(* Let $\Gamma=M\mathbb{Z}^n$ be a lattice in $\mathbb{R}^n$ (or $\mathbb{C}^n$), where $M$ is an invertible real (or complex) $n\times n$ matrix, and let $A$ be a dilation matrix for $\Gamma$. Let $F_\Gamma=M([-\tfrac12,\tfrac12)^n)$ and $D=A(F_\Gamma)\cap\Gamma$. Then there exists a finite set $S\subset\Gamma$ such that every $x\in\Gamma$ satisfies exactly one of: (1) $x=\sum_{j=0}^{N}A^jd_j$ for some $N\ge0$ and $d_j\in D$; (2) $x=A^Ns+\sum_{j=0}^{N-1}A^jd_j$ for some $N\ge0$, $s\in S$, $d_j\in D$.
   Context: An integer dilation matrix is an $n\times n$ matrix with integer entries all of whose eigenvalues $\lambda$ satisfy $|\lambda|>1$. A matrix $A$ is a dilation matrix for $\Gamma=M\mathbb{Z}^n$ if $B=M^{-1}AM$ is an integer dilation matrix (so $A$ maps $\Gamma$ into itself with nontrivial cokernel). *)

From HB Require Import structures.
From mathcomp Require Import all_boot all_order all_algebra all_field.
Set Implicit Arguments. Unset Strict Implicit. Unset Printing Implicit Defensive.
Import Order.TTheory GRing.Theory Num.Theory.
Local Open Scope ring_scope.

(* Integer dilation matrix: integer entries, every (complex) eigenvalue
   lambda satisfies |lambda| > 1.  Eigenvalues are taken in algC
   (the algebraic complex numbers), which contains all eigenvalues of
   an integer matrix. *)
Definition int_dilation (n : nat) (B : 'M[int]_n) : Prop :=
  forall lam : algC, eigenvalue (map_mx intr B) lam -> 1 < `|lam|.

Definition in_lattice (K : numFieldType) (n : nat) (M : 'M[K]_n)
  (x : 'cV[K]_n) : Prop :=
  exists z : 'cV[int]_n, x = M *m map_mx intr z.

Definition dilation_for (K : numFieldType) (n : nat) (M A : 'M[K]_n) : Prop :=
  exists B : 'M[int]_n, int_dilation B /\ invmx M *m A *m M = map_mx intr B.

Definition in_fund_domain (K : numFieldType) (n : nat) (M : 'M[K]_n)
  (y : 'cV[K]_n) : Prop :=
  exists c : 'cV[K]_n,
    (forall i, - (2%:R)^-1 <= c i 0 /\ c i 0 < (2%:R)^-1) /\ y = M *m c.

Definition in_digits (K : numFieldType) (n : nat) (M A : 'M[K]_n)
  (d : 'cV[K]_n) : Prop :=
  in_lattice M d /\ exists y, in_fund_domain M y /\ d = A *m y.

Definition expansion1 (K : numFieldType) (n : nat) (M A : 'M[K]_n)
  (x : 'cV[K]_n) : Prop :=
  exists (N : nat) (d : 'I_N.+1 -> 'cV[K]_n),
    (forall j, in_digits M A (d j)) /\
    x = \sum_(j < N.+1) (A ^+ j *m d j).

Definition expansion2 (K : numFieldType) (n : nat) (M A : 'M[K]_n)
  (S : seq 'cV[K]_n) (x : 'cV[K]_n) : Prop :=
  exists (N : nat) (s : 'cV[K]_n) (d : 'I_N -> 'cV[K]_n),
    s \in S /\ (forall j, in_digits M A (d j)) /\
    x = A ^+ N *m s + \sum_(j < N) (A ^+ j *m d j).

From HB Require Import structures.
From mathcomp Require Import all_boot all_order all_algebra all_field.
From mathcomp Require Import boolp zify ring lra.
Import Order.TTheory GRing.Theory Num.Theory.
Set Implicit Arguments. Unset Strict Implicit. Unset Printing Implicit Defensive.
Local Open Scope ring_scope.

(** Conjugating by M reduces everything to Z^n and the integer matrix
    B = M^-1 A M.  Rounding B^-1 z coordinatewise to the nearest integer
    (ties up) gives a map Phi with z = d + B (Phi z), where the digit d lies
    in B([-1/2,1/2)^n) and is unique, so the digit expansions of z are read
    off its Phi-orbit: an expansion of type (1) of length N+1 exists iff
    Phi^(N+1) z = 0, and one of type (2) ending in s iff Phi^N z = s.
    All eigenvalues of B^-1 have modulus < 1, so after a Schur
    triangularisation B^-1 contracts a weighted l^1 norm; hence Phi is a
    contraction up to a bounded error, its orbits are finite and its
    periodic points lie in a bounded, hence finite, set.  Take S to be the
    nonzero periodic points: every orbit either reaches 0 or falls into a
    cycle through S, and never both. *)

Definition periodic (T : Type) (f : T -> T) (p : T) :=
  exists2 m, (0 < m)%N & iter m f p = p.
(* Let $d,n,m\geq1$ be integers, and let $\mathsf{M}_1$ be an $n$-outcome POVM and $\mathsf{M}_2$ an $m$-outcome POVM on $\mathbb{C}^d$, with $$\bar P(\mathsf{M}_1,\mathsf{M}_2)=\frac{1}{2nm}\sum_{x=1}^n\sum_{y=1}^m\big\|\mathsf{M}_1(x)+\mathsf{M}_2(y)\big\|>\frac12\left(1+\frac{d}{nm}\right).$$ Then the joint measurability degree satisfies $$\mathsf{j}(\mathsf{M}_1,\mathsf{M}_2)\leq\frac{d+nm-(n+m)}{2nm\,\bar P(\mathsf{M}_1,\mathsf{M}_2)-(n+m)}.$$
   Context: $\|\cdot\|$ is the operator norm and $I$ the identity on $\mathbb{C}^d$. Two POVMs are compatible if there exists a POVM $\mathsf{G}(x,y)$ with marginals $\sum_y\mathsf{G}(x,y)=$ first POVM and $\sum_x\mathsf{G}(x,y)=$ second POVM. The joint measurability degree is $\mathsf{j}(\mathsf{M}_1,\mathsf{M}_2)=\max\{t\geq0 : \{t\mathsf{M}_i+(1-t)p_iI\}_{i=1,2}$ are compatible for some probability distributions $p_1$ on $\{1,\dots,n\}$ and $p_2$ on $\{1,\dots,m\}\}$. *)

From HB Require Import structures.
From mathcomp Require Import all_boot all_order all_algebra.
From mathcomp Require Import complex.
From mathcomp Require Import all_classical all_reals ereal.
Set Implicit Arguments. Unset Strict Implicit. Unset Printing Implicit Defensive.
Import Order.TTheory GRing.Theory Num.Theory.
Local Open Scope ring_scope.
Local Open Scope complex_scope.
Local Open Scope classical_set_scope.

Section Defs.
Variable R : realType.
Local Notation C := R[i].

Definition adjmx (p q : nat) (A : 'M[C]_(p, q)) : 'M[C]_(q, p) :=
  (map_mx (@conjc R) A)^T.

(* positive semidefinite: <v, A v> >= 0 (i.e. real and nonnegative) for all v *)
Definition psd (d : nat) (A : 'M[C]_d) : Prop :=
  forall v : 'cV[C]_d, 0 <= (adjmx v *m A *m v) 0 0.

Definition is_povm (d : nat) (I : finType) (M : I -> 'M[C]_d) : Prop :=
  (forall x, psd (M x)) /\ \sum_(x : I) M x = 1%:M.

Definition vnorm2 (d : nat) (v : 'cV[C]_d) : R :=
  \sum_(i < d) ((complex.Re (v i 0)) ^+ 2 + (complex.Im (v i 0)) ^+ 2).

Definition opnorm (d : nat) (A : 'M[C]_d) : R :=
  sup [set Num.sqrt (vnorm2 (A *m v)) | v in [set v : 'cV[C]_d | vnorm2 v = 1]].

Definition is_prob (n : nat) (p : 'I_n -> R) : Prop :=
  (forall x, 0 <= p x) /\ \sum_(x < n) p x = 1.

Definition compatible (d n m : nat) (A : 'I_n -> 'M[C]_d) (B : 'I_m -> 'M[C]_d) : Prop :=
  exists G : 'I_n -> 'I_m -> 'M[C]_d,
    (forall x y, psd (G x y)) /\ \sum_(x < n) \sum_(y < m) G x y = 1%:M /\
    (forall x, \sum_(y < m) G x y = A x) /\
    (forall y, \sum_(x < n) G x y = B y).

Definition noisy (d n : nat) (t : R) (M : 'I_n -> 'M[C]_d) (p : 'I_n -> R) :
  'I_n -> 'M[C]_d :=
  fun x => (t%:C) *: M x + ((1 - t) * p x)%:C%:M.

Definition jm_set (d n m : nat) (M1 : 'I_n -> 'M[C]_d) (M2 : 'I_m -> 'M[C]_d) : set R :=
  [set t | 0 <= t /\ exists p1 p2, is_prob p1 /\ is_prob p2 /\
       compatible (noisy t M1 p1) (noisy t M2 p2)].

(* joint measurability degree j(M1,M2) = max of jm_set, taken as an extended-real
   supremum (the max, when it exists, equals this sup) *)
Definition jdeg (d n m : nat) (M1 : 'I_n -> 'M[C]_d) (M2 : 'I_m -> 'M[C]_d) : \bar R :=
  ereal_sup [set t%:E | t in jm_set M1 M2].

Definition Pbar (d n m : nat) (M1 : 'I_n -> 'M[C]_d) (M2 : 'I_m -> 'M[C]_d) : R :=
  (2 * n%:R * m%:R)^-1 * \sum_(x < n) \sum_(y < m) opnorm (M1 x + M2 y).

End Defs.

From HB Require Import structures.
From mathcomp Require Import all_boot all_order all_algebra.
From mathcomp Require Import complex.
From mathcomp Require Import all_classical all_reals ereal.
From mathcomp Require Import ring lra.
Set Implicit Arguments. Unset Strict Implicit. Unset Printing Implicit Defensive.
Import Order.TTheory GRing.Theory Num.Theory.
Local Open Scope ring_scope.
Local Open Scope complex_scope.
(* Fix a finite set of docking points $Q=\{q_1,\dots,q_J\}\subset\partial D$ together with a cyclic order of visitation. If some gap angle of $Q$ is greater than $\pi$, then there is a $\mathbf W_d$-minimizing embedded monotone cycle in $D$ (rel $Q$) having winding number zero about the puncture. Conversely, if no gap angle is greater than $\pi$, then there is a $\mathbf W_d$-minimizing embedded cycle in $D$ (rel $Q$) of winding number $\pm 1$.
   Context: The Y-graph $\Upsilon$ has central vertex $v_0$, outer vertices $v_1,v_2,v_3$ and edges $e_i$ from $v_0$ to $v_i$ identified with $[0,1]$ ($0$ at $v_0$); write $x=|x|e_{\iota(x)}$ with edge index $\iota(x)$ (undefined at $v_0$ and then counted as different from every index). $\mathcal C=\{(x,y)\in\Upsilon\times\Upsilon:x\ne y\}$ and $D=\{(x,y)\in\mathcal C:\iota(x)\ne\iota(y)\}$. $D$ is the union of six punctured squares $\{(x,y):\iota(x)=i,\iota(y)=j\}\cong[0,1]^2\setminus\{(0,0)\}$, $i\ne j$, glued cyclically along the segments where $|x|=0$ or $|y|=0$; rescaling each square's quadrant angle by $2/3$ gives a homeomorphism of $D$ with the punctured closed unit disc $\{(r,\theta):0<r\le1\}$ in which the six branch segments $\{|x|=0\}\cup\{|y|=0\}$ (where an AGV occupies $v_0$) are the radial lines at angles $\theta\in\Theta=\{n\pi/3:n\in\mathbb Z\}$, the puncture corresponds to $(v_0,v_0)$, and $\partial D=\{|x|=1\text{ or }|y|=1\}$ is the unit circle. Given $Q=\{q_1,\dots,q_J\}\subset\partial D$ indexed in the order of visitation, the gap angles are $ga_j=\theta(q_{j+1})-\theta(q_j)\in(0,2\pi)$ (indices mod $J$), differences taken with respect to the orientation of $\partial D$, so that $\sum_j ga_j=2\pi$. A cycle rel $Q$ is a closed curve in $D$ visiting the points of $Q$ in the given cyclic order; it is monotone if it visits $Q$ in the cyclic order of $\partial D$. The cost $\mathbf W_d(\gamma)$ of a curve is its number of intersections with the branch set $\{|x|=0\}\cup\{|y|=0\}$, i.e., the number of times an AGV occupies the central vertex; $\gamma$ is $\mathbf W_d$-minimizing if its cost is minimal among such cycles rel $Q$. Winding number is taken about the puncture; for embedded cycles it is $-1$, $0$ or $1$. *)

(* concrete reals R.  We work in the disc model of D described
   in the context: D = punctured closed unit disc in R^2, branch set = the six
   radial segments at angles n*pi/3, boundary = unit circle. *)
From Stdlib Require Import Reals Lra Lia ZArith List.
Open Scope R_scope.
Lemma mass_matrix_qform (R : realType) n (v b : 'rV[R]_n) :
  (b *m mass_matrix v *m b^T) 0 0 =
  vnorm2 v * (\sum_i b 0 i ^+ 2) - (\sum_i b 0 i * v 0 i) ^+ 2.
Proof.
rewrite /mass_matrix mulmxBr mulmxBl mul_mx_scalar -scalemxAl !mulmxA.
rewrite -(mulmxA (b *m v^T)) !mxE big_ord1 !mxE; congr (_ * _ - _).
  by apply: eq_bigr => i _; rewrite !mxE expr2.
by rewrite expr2; congr (_ * _); apply: eq_bigr => i _; rewrite !mxE // mulrC.
Qed.

Section KKMode.
Variables (R : realType) (n d : nat) (Rad : 'I_n -> R) (m : 'I_n -> nat).
Variables (a : 'I_d -> 'rV[R]_4) (b : 'I_d -> 'rV[R]_n).
Let v := kkv Rad m.
Let th := theta Rad m.
Let s := Num.sqrt (2 / Pvol Rad).
Let A := kk_field Rad m a b.

Lemma eta_rshift (i : 'I_n) : Defs.eta R (rshift 4 i) = -1.
Proof. by []. Qed.

Lemma partial_lshift mu (f : 'rV[R]_n -> R) y : partial (lshift n mu) f y = 0.
Proof. by rewrite /partial split_lshift. Qed.

Lemma partial_cos_theta i C y :
  partial (rshift 4 i) (fun y => C * cos (th y)) y = - (C * sin (th y) * v 0 i).
Proof.
rewrite /partial split_rshift derive_line.
under eq_fun do rewrite /th theta_shift [_ * v 0 i]mulrC.
rewrite -[fun h => _]/(C \*: fun h => cos (th y + v 0 i * h)).
have [_ ->] := is_deriveZ C (is_derive_cos_affine (th y) (v 0 i) 0).
by rewrite mulr0 addr0 -[C *: _]/(C * _) mulNr mulrN mulrA.
Qed.

Lemma partial_sin_theta i C y :
  partial (rshift 4 i) (fun y => C * sin (th y)) y = C * cos (th y) * v 0 i.
Proof.
rewrite /partial split_rshift derive_line.
under eq_fun do rewrite /th theta_shift [_ * v 0 i]mulrC.
rewrite -[fun h => _]/(C \*: fun h => sin (th y + v 0 i * h)).
have [_ ->] := is_deriveZ C (is_derive_sin_affine (th y) (v 0 i) 0).
by rewrite mulr0 addr0 -[C *: _]/(C * _) mulrA.
Qed.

WHAT IS BEING ASKED: All that is wanted is a faithful reproduction of the line above with "(forall x, 0", the line with "Definition Pbar (d", and every line in between.

PROBLEM SOLUTION:
  (forall x, 0 <= p x) /\ \sum_(x < n) p x = 1.

Definition compatible (d n m : nat) (A : 'I_n -> 'M[C]_d) (B : 'I_m -> 'M[C]_d) : Prop :=
  exists G : 'I_n -> 'I_m -> 'M[C]_d,
    (forall x y, psd (G x y)) /\ \sum_(x < n) \sum_(y < m) G x y = 1%:M /\
    (forall x, \sum_(y < m) G x y = A x) /\
    (forall y, \sum_(x < n) G x y = B y).

Definition noisy (d n : nat) (t : R) (M : 'I_n -> 'M[C]_d) (p : 'I_n -> R) :
  'I_n -> 'M[C]_d :=
  fun x => (t%:C) *: M x + ((1 - t) * p x)%:C%:M.

Definition jm_set (d n m : nat) (M1 : 'I_n -> 'M[C]_d) (M2 : 'I_m -> 'M[C]_d) : set R :=
  [set t | 0 <= t /\ exists p1 p2, is_prob p1 /\ is_prob p2 /\
       compatible (noisy t M1 p1) (noisy t M2 p2)].

(* joint measurability degree j(M1,M2) = max of jm_set, taken as an extended-real
   supremum (the max, when it exists, equals this sup) *)
Definition jdeg (d n m : nat) (M1 : 'I_n -> 'M[C]_d) (M2 : 'I_m -> 'M[C]_d) : \bar R :=
  ereal_sup [set t%:E | t in jm_set M1 M2].

Definition Pbar (d n m : nat) (M1 : 'I_n -> 'M[C]_d) (M2 : 'I_m -> 'M[C]_d) : R :=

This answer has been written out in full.